The United States blacklisted the head of Pakistan-based terrorist group Jaish-e-Mohammed Weeks After China Veto
UNITED STATES: The United States, Britain and France stepped up a push for the United Nations Security Council to blacklist the head of Pakistan-based terrorist group Jaish-e-Mohammed (JeM) on Wednesday after China prevented an earlier move two weeks ago.
The United States circulated a resolution – drafted with British and French support – to the 15-member council that would designate JeM leader Masood Azhar, subjecting him to an arms embargo, travel ban and asset freeze, diplomats said.
JeM has claimed responsibility for a February 14 attack in Jammu and Kashmir’s Pulwama that killed at least 40 CRPF personnel, making it the deadliest in Kashmir during a 30-year-long insurgency.
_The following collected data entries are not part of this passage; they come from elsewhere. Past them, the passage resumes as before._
Definition B_morphism (G1 G2 : Game) (f : list (gM G1) -> list (gM G2)) : Prop :=
  chronological G1 G2 f /\
  forall R S, Run (gT G1) R -> induced_run f R S -> ~ gA G1 R -> ~ gA G2 S.

Definition game_embedding (G1 G2 : Game) (f : list (gM G1) -> list (gM G2)) : Prop :=
  chronological G1 G2 f /\
  (forall s t, gT G1 s -> gT G1 t -> f s = f t -> s = t) /\
  A_morphism G1 G2 f /\ B_morphism G1 G2 f.

Definition c00 (R : nat -> nat) : Prop :=
  exists N, forall n, N <= n -> R n = 0.

Lemma full_tree_is_game_tree : is_game_tree (fun _ : list nat => True).
Proof. split; [auto | intros t _; exists 0; exact I]. Qed.

Lemma c00_runs : forall R, c00 R -> Run (fun _ : list nat => True) R.
Proof. intros R _ n; exact I. Qed.

Definition G_FL : Game :=
  {| gM := nat; gT := fun _ => True; gA := c00;
     gT_tree := full_tree_is_game_tree; gA_runs := c00_runs |}.

From Stdlib Require Import List Arith Lia Classical ClassicalEpsilon FunctionalExtensionality.
Import ListNotations.

(* Extend f along g by labelling every node u of B with a natural number and letting h u be
   the list of labels of the nonempty prefixes of u.  A node g s gets the last entry of f s,
   so that h (g s) = f s.  A node outside the image whose parent is in the image, or which has
   depth at most N, gets a number above every label f produces at its depth, shifted by the
   index of a run through it; N is chosen so that the finitely many runs of B are pairwise
   distinct already at depth N.  Distinct siblings thus get distinct labels, so h is injective.
   Every remaining node lies deeper than N on a single run and is labelled 0 if Alice wins that
   run and 1 otherwise.  Hence a run of B that leaves the image of g is sent into c00 exactly
   when Alice wins it, while a run inside the image lifts to a run of A and inherits its outcome
   through the embeddings g and f. *)

Section Prefixes.
Context {M : Type}.

Lemma prefix_length (R : nat -> M) n : length (prefix R n) = n.
Proof. unfold prefix. now rewrite length_map, length_seq. Qed.

Lemma nth_prefix (R : nat -> M) n i d : i < n -> nth i (prefix R n) d = R i.
Proof.
  intros Hi. unfold prefix.
  rewrite nth_indep with (d' := R 0) by (rewrite length_map, length_seq; lia).
  now rewrite map_nth, seq_nth.
Qed.

Lemma prefix_S (R : nat -> M) n : prefix R (S n) = prefix R n ++ [R n].
Proof. unfold prefix. now rewrite seq_S, map_app. Qed.

Lemma prefix_eq_intro (R : nat -> M) n (l : list M) d :
  length l = n -> (forall i, i < n -> nth i l d = R i) -> prefix R n = l.
Proof.
  intros Hl Hnth. apply nth_ext with (d := d) (d' := d).
  - now rewrite prefix_length.
  - intros i Hi. rewrite prefix_length in Hi. rewrite nth_prefix, Hnth; trivial.
Qed.

Lemma firstn_prefix (R : nat -> M) k n : k <= n -> firstn k (prefix R n) = prefix R k.
Proof.
  intros Hk. symmetry. apply prefix_eq_intro with (d := R 0).
  - rewrite length_firstn, prefix_length. lia.
  - intros i Hi. rewrite nth_firstn, nth_prefix by lia.
    now replace (i <? k) with true by (symmetry; apply Nat.ltb_lt; lia).
Qed.

Lemma prefix_eq_le (R1 R2 : nat -> M) k n :
  k <= n -> prefix R1 n = prefix R2 n -> prefix R1 k = prefix R2 k.
Proof. intros Hk E. now rewrite <- (firstn_prefix R1 k n), E, firstn_prefix. Qed.

Lemma prefix_separates (a : nat -> M) (l : list (nat -> M)) :
  exists N, forall b, In b l -> prefix a N = prefix b N -> a = b.
Proof.
  induction l as [|b0 l [N HN]]; [exists 0; intros b []|].
  destruct (classic (a = b0)) as [<-|Hne].
  - exists N. intros b [<-|Hb] E; auto.
  - destruct (not_all_ex_not _ _ (fun H => Hne (functional_extensionality _ _ H))) as [n Hn].
    exists (Nat.max N (S n)). intros b [<-|Hb] E.
    + exfalso. apply Hn.
      now rewrite <- (nth_prefix a (Nat.max N (S n)) n (a n)), E, nth_prefix by lia.
    + apply HN; trivial. apply (prefix_eq_le _ _ _ _ (Nat.le_max_l N (S n)) E).
Qed.

Lemma prefix_separates_list (l : list (nat -> M)) :
  exists N, forall a b, In a l -> In b l -> prefix a N = prefix b N -> a = b.
Proof.
  induction l as [|a0 l [N HN]]; [exists 0; intros a b []|].
  destruct (prefix_separates a0 l) as [N0 HN0].
  exists (Nat.max N N0). intros a b Ha Hb E.
  pose proof (prefix_eq_le _ _ _ _ (Nat.le_max_l N N0) E) as E1.
  pose proof (prefix_eq_le _ _ _ _ (Nat.le_max_r N N0) E) as E0.
  destruct Ha as [<-|Ha], Hb as [<-|Hb]; auto.
  symmetry. auto.
Qed.

Lemma coherent_chain_limit (s : nat -> list M) :
  (forall n, length (s n) = n) -> (forall n k, n <= k -> firstn n (s k) = s n) ->
  exists R, forall n, prefix R n = s n.
Proof.
  intros Hlen Hcoh. destruct (s 1) as [|d rest] eqn:E1; [now specialize (Hlen 1); rewrite E1 in Hlen|].
  exists (fun i => nth i (s (S i)) d). intros n.
  apply prefix_eq_intro with (d := d); [apply Hlen|]. intros i Hi.
  rewrite <- (Hcoh (S i) n) by lia. rewrite nth_firstn.
  now replace (i <? S i) with true by (symmetry; apply Nat.ltb_lt; lia).
Qed.

End Prefixes.

Lemma firstn_app_l {M : Type} n (l w : list M) : n <= length l -> firstn n (l ++ w) = firstn n l.
Proof. intros Hn. rewrite firstn_app. now replace (n - length l) with 0 by lia; rewrite app_nil_r. Qed.

Lemma firstn_snoc {M : Type} (u : list M) x : firstn (length u) (u ++ [x]) = u.
Proof. now rewrite firstn_app_l, firstn_all. Qed.

Section GameTrees.
Context {M : Type} {T : list M -> Prop} (HT : is_game_tree T).

Lemma game_tree_firstn t k : T t -> T (firstn k t).
Proof.
  intros Ht. destruct (le_lt_dec k (length t)).
  - now apply (proj1 HT).
  - now rewrite firstn_all2 by lia.
Qed.

Lemma game_tree_snoc u x : T (u ++ [x]) -> T u.
Proof. intros H. rewrite <- (firstn_snoc u x). now apply game_tree_firstn. Qed.

Lemma game_tree_run_through t : T t -> exists R, Run T R /\ prefix R (length t) = t.
Proof.
  destruct HT as [_ Hext]. intros Ht. destruct (Hext t Ht) as [d _].
  pose (next u := epsilon (inhabits d) (fun x => T (u ++ [x]))).
  pose (path := fix path k := match k with 0 => t | S k => path k ++ [next (path k)] end).
  assert (Hpath : forall k, T (path k)).
  { induction k; simpl; trivial. exact (epsilon_spec _ _ (Hext _ IHk)). }
  assert (Hlen : forall k, length (path k) = length t + k).
  { induction k; simpl; [lia|]. rewrite length_app, IHk; simpl; lia. }
  assert (Hgrow : forall j k, j <= k -> exists w, path k = path j ++ w).
  { induction 1 as [|k _ [w Hw]]; [exists []; now rewrite app_nil_r|].
    exists (w ++ [next (path k)]). simpl. now rewrite Hw, app_assoc. }
  destruct (coherent_chain_limit (fun n => firstn n (path n))) as [R HR].
  - intros n. rewrite length_firstn, Hlen. lia.
  - intros n k Hnk. destruct (Hgrow n k Hnk) as [w ->].
    rewrite firstn_firstn, Nat.min_l, firstn_app_l by (trivial || rewrite Hlen; lia). trivial.
  - exists R. split.
    + intros n. rewrite HR. now apply game_tree_firstn.
    + destruct (Hgrow 0 (length t) (Nat.le_0_l _)) as [w Hw].
      rewrite HR, Hw. simpl. now rewrite firstn_app_l, firstn_all.
Qed.

End GameTrees.

Section Embeddings.
Context {G1 G2 : Game} {f : list (gM G1) -> list (gM G2)}.

Lemma chronological_length : chronological G1 G2 f -> forall t, gT G1 t -> length (f t) = length t.
Proof. intros Hf t Ht. apply (Hf t Ht). Qed.

Lemma chronological_snoc : chronological G1 G2 f ->
  forall t a, gT G1 (t ++ [a]) -> exists z, f (t ++ [a]) = f t ++ [z].
Proof.
  intros Hf t a Hta. destruct (Hf _ Hta) as [_ [Hlen Hfirst]].
  rewrite length_app in Hlen. simpl in Hlen.
  destruct (exists_last (l := f (t ++ [a]))) as [l [z Ez]];
    [intros E; rewrite E in Hlen; simpl in Hlen; lia|].
  exists z. rewrite Ez. f_equal.
  rewrite <- (firstn_snoc t a), Hfirst, Ez by (rewrite length_app; simpl; lia).
  rewrite Ez, length_app in Hlen. simpl in Hlen.
  replace (length t) with (length l) by lia. symmetry. apply firstn_snoc.
Qed.

Lemma embedding_wins_iff : game_embedding G1 G2 f ->
  forall R S, Run (gT G1) R -> induced_run f R S -> (gA G1 R <-> gA G2 S).
Proof.
  intros [_ [_ [[_ HA] [_ HB]]]] R S HR HS. split; [now apply HA|].
  intros HwS. apply NNPP. intros HwR. exact (HB R S HR HS HwR HwS).
Qed.

Lemma embedding_lift_run : game_embedding G1 G2 f -> forall S,
  (forall n, exists t, gT G1 t /\ f t = prefix S n) ->
  exists R, Run (gT G1) R /\ induced_run f R S.
Proof.
  intros [Hch [Hinj _]] S Himg.
  pose (s n := epsilon (inhabits []) (fun t => gT G1 t /\ f t = prefix S n)).
  assert (Hs : forall n, gT G1 (s n) /\ f (s n) = prefix S n)
    by (intros n; exact (epsilon_spec _ _ (Himg n))).
  assert (Hlen : forall n, length (s n) = n).
  { intros n. destruct (Hs n) as [Hn En].
    now rewrite <- (chronological_length Hch _ Hn), En, prefix_length. }
  destruct (coherent_chain_limit s Hlen) as [R HR].
  - intros n k Hnk. destruct (Hs k) as [Hk Ek]. apply Hinj.
    + now apply game_tree_firstn; [apply gT_tree|].
    + apply Hs.
    + rewrite (proj2 (proj2 (Hch _ Hk))), Ek, firstn_prefix by (rewrite ?Hlen; lia). symmetry; apply Hs.
  - exists R. split; intros n; rewrite HR; [apply Hs|symmetry; apply Hs].
Qed.

End Embeddings.

Section LabelMap.
Context {M : Type} (label : list M -> nat).

Definition label_map (u : list M) : list nat :=
  map (fun k => label (firstn (S k) u)) (seq 0 (length u)).

Lemma length_label_map u : length (label_map u) = length u.
Proof. unfold label_map. now rewrite length_map, length_seq. Qed.

Lemma label_map_snoc u x : label_map (u ++ [x]) = label_map u ++ [label (u ++ [x])].
Proof.
  unfold label_map. rewrite length_app, Nat.add_1_r, seq_S, map_app. f_equal.
  - apply map_ext_in. intros k Hk. apply in_seq in Hk. now rewrite firstn_app_l by lia.
  - cbn [map]. now rewrite firstn_all2 by (rewrite length_app; simpl; lia).
Qed.

Lemma label_map_firstn u k : label_map (firstn k u) = firstn k (label_map u).
Proof.
  induction u as [|x u IH] using rev_ind; [now rewrite !firstn_nil|].
  destruct (le_lt_dec k (length u)).
  - rewrite label_map_snoc, !firstn_app_l by (rewrite ?length_label_map; trivial). apply IH.
  - rewrite !firstn_all2; trivial; rewrite ?length_label_map, length_app; simpl; lia.
Qed.

Lemma label_map_induced_run R Q :
  induced_run label_map R Q -> forall n, Q n = label (prefix R (S n)).
Proof.
  intros HRQ n. pose proof (HRQ (S n)) as E.
  rewrite !prefix_S, label_map_snoc, <- HRQ, <- (prefix_S R) in E.
  now apply app_inj_tail in E.
Qed.

Lemma label_map_inj (T : list M -> Prop) : is_game_tree T ->
  (forall u x y, T (u ++ [x]) -> T (u ++ [y]) -> label (u ++ [x]) = label (u ++ [y]) -> x = y) ->
  forall s t, T s -> T t -> label_map s = label_map t -> s = t.
Proof.
  intros HT Hsib s. induction s as [|x s IH] using rev_ind; intros t Hs Ht E;
    pose proof (f_equal (@length nat) E) as Elen; rewrite !length_label_map in Elen.
  - symmetry. now apply length_zero_iff_nil.
  - destruct (exists_last (l := t)) as [t' [y ->]];
      [intros ->; rewrite length_app in Elen; simpl in Elen; lia|].
    rewrite !label_map_snoc in E. apply app_inj_tail in E as [E1 E2].
    assert (s = t') as <- by (apply IH; trivial; eapply game_tree_snoc; eauto).
    f_equal. f_equal. now apply (Hsib s).
Qed.

End LabelMap.

Lemma chronological_label_map (G : Game) (label : list (gM G) -> nat) :
  chronological G G_FL (label_map label).
Proof.
  intros t _. split; [exact I|]. split; [apply length_label_map|]. intros k _. apply label_map_firstn.
Qed.

Lemma le_list_max (l : list nat) x : In x l -> x <= list_max l.
Proof. revert x. apply Forall_forall, list_max_le, le_n. Qed.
The United States, Britain and France initially asked the Security Council’s ISIS and al Qaeda sanctions committee, which operates by consensus, to blacklist Azhar. However, China prevented the move.
Chinese Foreign Ministry spokesman Lu Kang said that China had conducted a “comprehensive and thorough evaluation” but still needed more time to consider the proposal. China had previously prevented the committee from sanctioning Azhar in 2016 and 2017.
Instead of consensus, a resolution only needs nine votes in favour and no vetoes by China, Russia, the United States, France or Britain to pass. It was not immediately clear when the draft resolution to designate Azhar could be put to a vote.
The Chinese mission to the United Nations did not immediately respond to a request for comment on the draft text.
JeM was blacklisted by the UN Security Council in 2001.